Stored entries
Definition cols2 u v : 'M[F]_2 := \matrix_(i, j)
  (match nat_of_ord j with
   | 0 => match nat_of_ord i with 0 => u.1 | _ => u.2 end
   | _ => match nat_of_ord i with 0 => v.1 | _ => v.2 end end).

Lemma bV_tens2 a p b q : bV (tens2 a p) (tens2 b q) = wedge a b * wedge p q.
Proof. by rewrite /bV !big_ord2 /fW !mxE /wedge /=; ring. Qed.

Lemma bV_self M : bV M M = 2%:R * \det M.
Proof. by rewrite det22 /bV !big_ord2 /fW /=; ring. Qed.

Lemma bV_delta (i j k l : 'I_2) :
  bV (delta_mx i j : 'M[F]_2) (delta_mx k l) = fW F i k * fW F j l.
Proof.
move: i j k l; apply: ord2_ind; apply: ord2_ind; apply: ord2_ind; apply: ord2_ind;
  by rewrite /bV !big_ord2 !mxE /fW /=; ring.
Qed.

Lemma tens2_tr a p : (tens2 a p)^T = tens2 p a.
Proof. by apply/matrixP; apply: ord2_ind; apply: ord2_ind; rewrite !mxE /=; ring. Qed.

Lemma tens2Zl k a p : tens2 (scale2 k a) p = k *: tens2 a p.
Proof. by apply/matrixP; apply: ord2_ind; apply: ord2_ind; rewrite !mxE /=; ring. Qed.

Lemma tens2Zr k a p : tens2 a (scale2 k p) = k *: tens2 a p.
Proof. by apply/matrixP; apply: ord2_ind; apply: ord2_ind; rewrite !mxE /=; ring. Qed.

Lemma det_cols2 u v : \det (cols2 u v) = wedge u v.
Proof. by rewrite det22 !mxE /wedge /=; ring. Qed.

Lemma tens2_frame u0 u1 v0 v1 M :
  M 0 0 *: tens2 u0 v0 + M 0 1 *: tens2 u0 v1 + M 1 0 *: tens2 u1 v0
    + M 1 1 *: tens2 u1 v1 = cols2 u0 u1 *m M *m (cols2 v0 v1)^T.
Proof.
by apply/matrixP; apply: ord2_ind; apply: ord2_ind;
  rewrite !mxE !big_ord2 !mxE !big_ord2 !mxE /=; ring.
Qed.

Lemma tens2_frame_tr u0 u1 v0 v1 M :
  M 0 0 *: tens2 u0 v0 + M 0 1 *: tens2 u1 v0 + M 1 0 *: tens2 u0 v1
    + M 1 1 *: tens2 u1 v1 = cols2 u0 u1 *m M^T *m (cols2 v0 v1)^T.
Proof.
by apply/matrixP; apply: ord2_ind; apply: ord2_ind;
  rewrite !mxE !big_ord2 !mxE !big_ord2 !mxE /=; ring.
Qed.

Lemma det0_tens2 M : \det M = 0 -> exists a p, M = tens2 a p.
Proof.
rewrite det22 => /eqP; rewrite subr_eq0 => /eqP d.
have [m00|m00] := eqVneq (M 0 0) 0.
  have [m01|m01] := eqVneq (M 0 1) 0.
    exists (0, 1), (M 1 0, M 1 1).
    by apply/matrixP; apply: ord2_ind; apply: ord2_ind; rewrite !mxE /= ?m00 ?m01; ring.
  have m10 : M 1 0 = 0 by apply: (mulfI m01); rewrite mulr0 -d m00 mul0r.
  exists (M 0 1, M 1 1), (0, 1).
  by apply/matrixP; apply: ord2_ind; apply: ord2_ind; rewrite !mxE /= ?m00 ?m10; ring.
exists (M 0 0, M 1 0), (1, M 0 1 / M 0 0).
apply/matrixP; apply: ord2_ind; apply: ord2_ind; rewrite !mxE /=; try by field.
by apply: (mulfI m00); rewrite d; field.
Qed.

Lemma wedge0_collinear a b c :
  wedge a b = 0 -> wedge a c != 0 -> exists l, b = scale2 l a.
Proof.
case: a b c => [a1 a2] [b1 b2] [c1 c2]; rewrite /wedge /scale2 /= => ab ac.
have [a10|a10] := eqVneq a1 0.
  have a20 : a2 != 0 by apply: contraNneq ac => a20; rewrite a10 a20 !mul0r subrr.
  have b10 : b1 = 0.
    apply: (mulfI a20); move: ab; rewrite a10 mul0r sub0r mulr0 => /eqP.
    by rewrite oppr_eq0 => /eqP.
  by exists (b2 / a2); congr pair; [rewrite a10 b10 mulr0 | field].
exists (b1 / a1); congr pair; first by field.
by apply: (mulfI a10); move/eqP: ab; rewrite subr_eq0 => /eqP ->; field.
Qed.

(* a_ij ⊗ p_ij stand for the images of the elementary tensors E_ij; the
   hypotheses are their Gram relations, in the case wedge a00 a01 = 0. *)
Lemma tensor_frame a00 a01 a10 a11 p00 p01 p10 p11 :
  wedge a00 a11 * wedge p00 p11 = 1 -> wedge a01 a10 * wedge p01 p10 = -1 ->
  wedge a00 a10 * wedge p00 p10 = 0 -> wedge a01 a11 * wedge p01 p11 = 0 ->
  wedge a10 a11 * wedge p10 p11 = 0 -> wedge a00 a01 = 0 ->
  exists u0 u1 v0 v1,
    [/\ tens2 a00 p00 = tens2 u0 v0, tens2 a01 p01 = tens2 u0 v1,
        tens2 a10 p10 = tens2 u1 v0 & tens2 a11 p11 = tens2 u1 v1].
Proof.
move=> E1 E2 E4 E5 E6 H.
have [nA nP] : wedge a00 a11 != 0 /\ wedge p00 p11 != 0.
  by apply: mulf_neq0P; rewrite E1 oner_eq0.
have [l e01] := wedge0_collinear H nA; subst a01.
have e2 : l * (wedge a00 a10 * wedge p01 p10) = -1 by rewrite -E2 /wedge /scale2 /=; ring.
have [nl /mulf_neq0P [na nq]] : l != 0 /\ wedge a00 a10 * wedge p01 p10 != 0.
  by apply: mulf_neq0P; rewrite e2 oppr_eq0 oner_eq0.
have [m e10] := wedge0_collinear (mulf_eq0_neq0l E4 na) nP; subst p10.
have e5 : wedge p01 p11 = 0.
  apply: (mulf_eq0_neq0l (x := l * wedge a00 a11)); last by rewrite mulf_neq0.
  by rewrite -E5 /wedge /scale2 /=; ring.
have [n e11] := wedge0_collinear e5 nq; subst p11.
have e1 : n * (wedge a00 a11 * wedge p00 p01) = 1 by rewrite -E1 /wedge /scale2 /=; ring.
have [nn /mulf_neq0P [_ npp]] : n != 0 /\ wedge a00 a11 * wedge p00 p01 != 0.
  by apply: mulf_neq0P; rewrite e1 oner_eq0.
have nm : m != 0.
  by apply: contraNneq nq => m0; rewrite /wedge /scale2 /= m0 !(mul0r, mulr0) subrr.
have e6 : wedge a10 a11 = 0.
  apply: (mulf_eq0_neq0l (x := m * n * wedge p00 p01)); last by rewrite !mulf_neq0.
  by rewrite -E6 /wedge /scale2 /=; ring.
have na' : wedge a10 a00 != 0.
  by rewrite (_ : wedge a10 a00 = - wedge a00 a10) ?oppr_eq0 // /wedge; ring.
have [k e11] := wedge0_collinear e6 na'; subst a11.
pose X := wedge a00 a10 * wedge p00 p01.
have eA : k * n * X = 1 by rewrite -E1 /X /wedge /scale2 /=; ring.
have eB : l * m * X = 1 by rewrite -(opprK 1) -E2 /X /wedge /scale2 /=; ring.
have kn : k * n = l * m.
  by rewrite -[k * n]mulr1 -eB mulrCA (mulrC (l * m)) mulrA eA mul1r.
exists a00, (scale2 m a10), p00, (scale2 l p01); split => //.
- by rewrite tens2Zl tens2Zr.
- by rewrite tens2Zl tens2Zr.
- by rewrite tens2Zl tens2Zr scalerA kn mulrC tens2Zl tens2Zr scalerA.
Qed.

Lemma tens2_trE a p u v : tens2 p a = tens2 u v -> tens2 a p = tens2 v u.
Proof. by move=> h; rewrite -tens2_tr h tens2_tr. Qed.

Hypothesis two_neq0 : (2%:R : F) != 0.

Lemma orth_decomposition (g : 'M[F]_2 -> 'M[F]_2) : is_orthV g ->
  exists A B : 'M[F]_2, \det A * \det B = 1 /\
    ((forall M, g M = A *m M *m B^T) \/ (forall M, g M = A *m M^T *m B^T)).
Proof.
case=> lin _ pres.
have addg M N : g (M + N) = g M + g N by have := lin 1 M N; rewrite !scale1r.
have scaleg := scalable_linear lin.
have gexp M : g M = M 0 0 *: g (delta_mx 0 0) + M 0 1 *: g (delta_mx 0 1)
                  + M 1 0 *: g (delta_mx 1 0) + M 1 1 *: g (delta_mx 1 1).
  rewrite -!scaleg -!addg; congr g.
  by apply/matrixP; apply: ord2_ind; apply: ord2_ind; rewrite !mxE /=; ring.
have gram i j k l : bV (g (delta_mx i j)) (g (delta_mx k l)) = fW F i k * fW F j l.
  by rewrite pres bV_delta.
have pure i j : exists a p, g (delta_mx i j) = tens2 a p.
  apply: det0_tens2; apply: (mulfI two_neq0); rewrite mulr0 -bV_self gram.
  by move: i j; apply: ord2_ind; apply: ord2_ind; rewrite /fW /= mulr0.
have [a00 [p00 e00]] := pure 0 0; have [a01 [p01 e01]] := pure 0 1.
have [a10 [p10 e10]] := pure 1 0; have [a11 [p11 e11]] := pure 1 1.
have wedges i j k l a p b q :
    g (delta_mx i j) = tens2 a p -> g (delta_mx k l) = tens2 b q ->
    wedge a b * wedge p q = fW F i k * fW F j l.
  by move=> eij ekl; rewrite -bV_tens2 -eij -ekl gram.
have E1 := wedges _ _ _ _ _ _ _ _ e00 e11; have E2 := wedges _ _ _ _ _ _ _ _ e01 e10.
have E3 := wedges _ _ _ _ _ _ _ _ e00 e01; have E4 := wedges _ _ _ _ _ _ _ _ e00 e10.
have E5 := wedges _ _ _ _ _ _ _ _ e01 e11; have E6 := wedges _ _ _ _ _ _ _ _ e10 e11.
rewrite /fW /= ?(mulr1, mul1r, mulr0, mul0r, mulrN1) in E1 E2 E3 E4 E5 E6.
move/eqP: E3; rewrite mulf_eq0 => /orP[/eqP H|/eqP H].
  have [u0 [u1 [v0 [v1 [h00 h01 h10 h11]]]]] := tensor_frame E1 E2 E4 E5 E6 H.
  exists (cols2 u0 u1), (cols2 v0 v1); split.
    by rewrite !det_cols2 -bV_tens2 -h00 -h11 -e00 -e11 gram /fW /= mulr1.
  by left => M; rewrite gexp e00 e01 e10 e11 h00 h01 h10 h11 tens2_frame.
have [u0 [u1 [v0 [v1 [h00 h01 h10 h11]]]]] :=
  tensor_frame (etrans (mulrC _ _) E1) (etrans (mulrC _ _) E2) (etrans (mulrC _ _) E4)
               (etrans (mulrC _ _) E5) (etrans (mulrC _ _) E6) H.
move/tens2_trE: h00 => h00; move/tens2_trE: h01 => h01.
move/tens2_trE: h10 => h10; move/tens2_trE: h11 => h11.
exists (cols2 v0 v1), (cols2 u0 u1); split.
  by rewrite !det_cols2 -bV_tens2 -h00 -h11 -e00 -e11 gram /fW /= mulr1.
by right => M; rewrite gexp e00 e01 e10 e11 h00 h01 h10 h11 tens2_frame_tr.
Qed.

> Work required
Output, from the data above, the lines from the line with "[/\ tens2 a00" to the line with "by rewrite -E5 /wedge /scale2 /=; ring." exactly as they stand, both ends included and nothing else.

> Solution to this task
    [/\ tens2 a00 p00 = tens2 u0 v0, tens2 a01 p01 = tens2 u0 v1,
        tens2 a10 p10 = tens2 u1 v0 & tens2 a11 p11 = tens2 u1 v1].
Proof.
move=> E1 E2 E4 E5 E6 H.
have [nA nP] : wedge a00 a11 != 0 /\ wedge p00 p11 != 0.
  by apply: mulf_neq0P; rewrite E1 oner_eq0.
have [l e01] := wedge0_collinear H nA; subst a01.
have e2 : l * (wedge a00 a10 * wedge p01 p10) = -1 by rewrite -E2 /wedge /scale2 /=; ring.
have [nl /mulf_neq0P [na nq]] : l != 0 /\ wedge a00 a10 * wedge p01 p10 != 0.
  by apply: mulf_neq0P; rewrite e2 oppr_eq0 oner_eq0.
have [m e10] := wedge0_collinear (mulf_eq0_neq0l E4 na) nP; subst p10.
have e5 : wedge p01 p11 = 0.
  apply: (mulf_eq0_neq0l (x := l * wedge a00 a11)); last by rewrite mulf_neq0.
  by rewrite -E5 /wedge /scale2 /=; ring.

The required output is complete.